Biological Analysis
Phytoplankton
Zooplankton
10ml of water from each of the three nets measured was put under a microscope in order to identify the zooplankton present. The results show that copepods were present in the highest abundance for all three sample sites (Fig. 1). The first sample site (A7), the furthest point upstream in the estuary, had the highest abundance of Copepoda and Copepod naupalli over all the sites. It contained more Hydromedusae and polychaete larvae than the other sites. The middle site (D10) had higher numbers of cirripedia larvae and Chaetognatha than the other sites as well as no Copepoda naupalli, Cladocera, Polychaeta or gastropoda larvae. The last sample site (G13) had the lowest number of Copepoda out of the sites but highest numbers of cladocera. It also had more cirripedia larvae than site 1 and Copepoda naupalli than site 2.
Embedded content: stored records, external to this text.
(* Let $P(x)=\sum_{I\in\mathcal{I}}a_Ix^I$ be a polynomial in $x=(x_1,\dots,x_n)$, $n\ge2$, with $\mathcal{I}\subset\mathbb{N}^n$ finite containing all $I$ with $|I|\le1$, $a_I>0$ on $\mathcal{I}$, $a_I=1$ for $|I|\le1$, which solves $$\frac{\det\Big[\big(P\,\partial_{\alpha}\partial_{\beta}P-\partial_\alpha P\,\partial_\beta P\big)x_\alpha+P\,\partial_\alpha P\,\delta_{\alpha\beta}\Big]_{1\le\alpha,\beta\le n}}{P^{n-1}}=P^{n}.$$ Then for each $i$ there are $k_i\in\mathbb{Z}^+$ and, for each $j\neq i$, $h_{ij}\in\mathbb{N}$ such that, writing $te_i$ for the point with $i$-th coordinate $t$ and other coordinates $0$, $$P(te_i)=\Big(1+\frac{t}{k_i}\Big)^{k_i},\qquad \partial_jP(te_i)=\Big(1+\frac{t}{k_i}\Big)^{h_{ij}}\ (j\ne i),$$ and moreover $\sum_{\alpha\neq i}h_{i\alpha}=k_i(n-2)+2$ for every $i$, and $\frac{h_{ij}}{k_i}=\frac{h_{ji}}{k_j}$ for all $i\neq j$.
   Context: $\partial_\alpha=\partial/\partial x_\alpha$, $x^I=\prod_\alpha x_\alpha^{I_\alpha}$, $|I|=\sum_\alpha I_\alpha$. *)

From HB Require Import structures.
From mathcomp Require Import all_boot all_order all_algebra.
From mathcomp Require Import mpoly.
From mathcomp Require Import reals.
Set Implicit Arguments. Unset Strict Implicit. Unset Printing Implicit Defensive.
Import Order.TTheory GRing.Theory Num.Theory.
Local Open Scope ring_scope.

Definition lemma7_mx (R : realType) (n : nat) (P : {mpoly R[n]}) : 'M[{mpoly R[n]}]_n :=
  \matrix_(a < n, b < n)
    ((P * (mderiv b (mderiv a P)) - mderiv a P * mderiv b P) * 'X_a
     + (if a == b then P * mderiv a P else 0)).

Definition axis_pt (R : realType) (n : nat) (i : 'I_n) (t : R) : 'I_n -> R :=
  fun j => if j == i then t else 0.

(* Restricting the equation to the axis [t e_i] kills the off-diagonal entries of every row
   [a <> i] of the matrix, so with [f := P(t e_i)] and [G := prod_(a <> i) d_a P(t e_i)] it
   becomes the univariate equation [G * Dop f = f^n], where [Dop f = f^2 (X f'/f)'].
   An irreducible factor [p] of [f] of multiplicity [m+1] divides [Dop f] exactly [2m]
   times. Writing [f = r g] and [f' = M g] with [g = gcd(f, f')], this makes
   [Dop f / g^2 = (X M)' r - X M r'] coprime to [f]; as it divides [f^n] it is constant, so
   its derivative [(X M)'' r - X M r''] vanishes and [r] divides [r'']. Hence [r] is linear,
   [f] is a power of [r], and [f(0) = f'(0) = 1] forces [f = (1 + t/k)^k]. Then
   [G = (1 + t/k)^(k(n-2)+2)], so each [d_j P(t e_i)] divides it and is a power of
   [1 + t/k] as well, and [h_ij / k_i = d_i d_j P(0)] is symmetric in [i, j]. *)

From HB Require Import structures.
From mathcomp Require Import all_boot all_order all_algebra.
From mathcomp Require Import mpoly.
From mathcomp Require Import reals.
From mathcomp Require Import fingroup perm ring zify polyorder.
From Stdlib Require Import Classical.
Import Order.TTheory GRing.Theory Num.Theory.
Local Open Scope ring_scope.

Set Implicit Arguments. Unset Strict Implicit. Unset Printing Implicit Defensive.

Section IrreducibleFactors.
Variable F : fieldType.
Implicit Types p q a b f : {poly F}.

Lemma irredp_dvdpM p a b :
  irreducible_poly p -> (p %| a * b) = (p %| a) || (p %| b).
Proof.
move=> ip; case pa: (p %| a) => /=; first exact: dvdp_mulr.
by rewrite Gauss_dvdpr // irreducible_poly_coprime // pa.
Qed.

Lemma irredp_dvdpX p a k : irreducible_poly p -> p %| a ^+ k -> p %| a.
Proof.
move=> ip; elim: k => [|k IH]; first by rewrite dvdp1 => /eqP p1; case: ip; rewrite p1.
by rewrite exprS irredp_dvdpM // => /orP[] // /IH.
Qed.

Lemma irredp_ndvdpC p c : irreducible_poly p -> c != 0 -> ~~ (p %| c%:P).
Proof.
by case=> sp _ c0; rewrite gtNdvdp ?polyC_eq0 // size_polyC c0.
Qed.

Lemma irredp_factor p : (1 < size p)%N -> exists2 q, irreducible_poly q & q %| p.
Proof.
elim: {p}(size p) {-2}p (leqnn (size p)) => [|s IH] p sp p1.
  by move: (leq_trans p1 sp).
case: (classic (irreducible_poly p)) => [ip|nip]; first by exists p.
have [q sq1 [qp nqp]] : exists2 q : {poly F}, size q != 1%N & q %| p /\ ~~ (q %= p).
  apply: NNPP => nq; apply: nip; split => // q sq qp.
  by apply: NNPP => nqp; apply: nq; exists q => //; split => //; apply/negP.
have p0 : p != 0 by rewrite -size_poly_gt0 ltnW.
have q0 : q != 0 by apply: contraNneq p0 => q0; move: qp; rewrite q0 dvd0p.
have sqp : (size q < size p)%N by rewrite ltn_neqAle dvdp_leq // (dvdp_size_eqp qp) andbT.
have q1 : (1 < size q)%N by rewrite ltn_neqAle eq_sym sq1 size_poly_gt0.
have [r ir rq] := IH q (leq_trans sqp sp) q1.
by exists r => //; exact: dvdp_trans qp.
Qed.

Lemma irredp_dvd_polyX p : irreducible_poly p -> (p %| 'X) = root p 0.
Proof.
by move=> ip; rewrite -[LHS]negbK -irreducible_poly_coprime // coprimepX negbK.
Qed.

Lemma exp_dvdp_decomp p f : (1 < size p)%N -> f != 0 ->
  exists m q, f = p ^+ m * q /\ ~~ (p %| q).
Proof.
move=> sp f0; have p0 : p != 0 by rewrite -size_poly_gt0 ltnW.
pose P m := p ^+ m %| f.
have P0 : exists m, P m by exists 0%N; rewrite /P expr0 dvd1p.
have Pub m : P m -> (m <= size f)%N.
  move=> /(dvdp_leq f0); apply: leq_trans.
  by rewrite (leq_trans _ (leq_pred _)) // size_exp leq_pmull // -subn1 subn_gt0.
case: (ex_maxnP P0 Pub) => m Pm maxm; exists m, (f %/ p ^+ m).
split; first by rewrite mulrC divpK.
apply/negP => pq; suff /maxm : P m.+1 by rewrite ltnn.
by rewrite /P -(divpK Pm) exprSr mulrC dvdp_mul2r ?expf_neq0.
Qed.
End IrreducibleFactors.

Lemma poly_horner_eq0 (R : numDomainType) (p : {poly R}) :
  (forall x, p.[x] = 0) -> p = 0.
Proof.
move=> p0; apply: (roots_geq_poly_eq0 (rs := [seq j%:R | j <- iota 0 (size p)])).
- by apply/allP => x _; apply/rootP.
- by rewrite map_inj_uniq ?iota_uniq // => x y /eqP; rewrite eqr_nat => /eqP.
- by rewrite size_map size_iota.
Qed.

Lemma det_diag_but_row (S : comRingType) m (A : 'M[S]_m) (i : 'I_m) :
  (forall a b, a != i -> a != b -> A a b = 0) -> \det A = \prod_a A a a.
Proof.
move=> hA; rewrite /determinant (bigD1 (1%g : 'S_m)) //= odd_perm1 expr0 mul1r.
rewrite [X in _ + X]big1 ?addr0.
  by apply: eq_bigr => a _; rewrite perm1.
move=> s s1; have [a sa] : exists a, s a != a.
  apply/existsP; apply: contraNT s1 => /existsPn h; apply/eqP/permP => x.
  by rewrite perm1; apply/eqP/negPn/h.
have [b [bi sb]] : exists b, b != i /\ s b != b.
  have [ai|ai] := eqVneq a i; last by exists a.
  exists (s a); rewrite -ai; split => //.
  by apply: contra sa => /eqP /perm_inj sa; rewrite sa.
by rewrite (bigD1 b) //= hA ?mul0r ?mulr0 // eq_sym.
Qed.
Overall this shows that with increased salinity, the zooplankton abundance decreases but diversity seems to increase slightly. This corresponds with low numbers of phytoplankton at the top of the estuary where they would be consumed by the zooplankton giving them energy for more growth and reproduction showing food availability is a factor in distribution (Viera et al, 2003). Turbidity is another factor influencing distribution which decreased down the estuary. Copepoda are planktonic feeders and turbidity can increase the prey encountered and thus ingestion (Islam et al, 2006). High amounts of suspended particles may also give camouflage to the copepods from predators (Haertel and Osterberg, 1967). Other zooplankton however appear to have a negative relationship with turbidity.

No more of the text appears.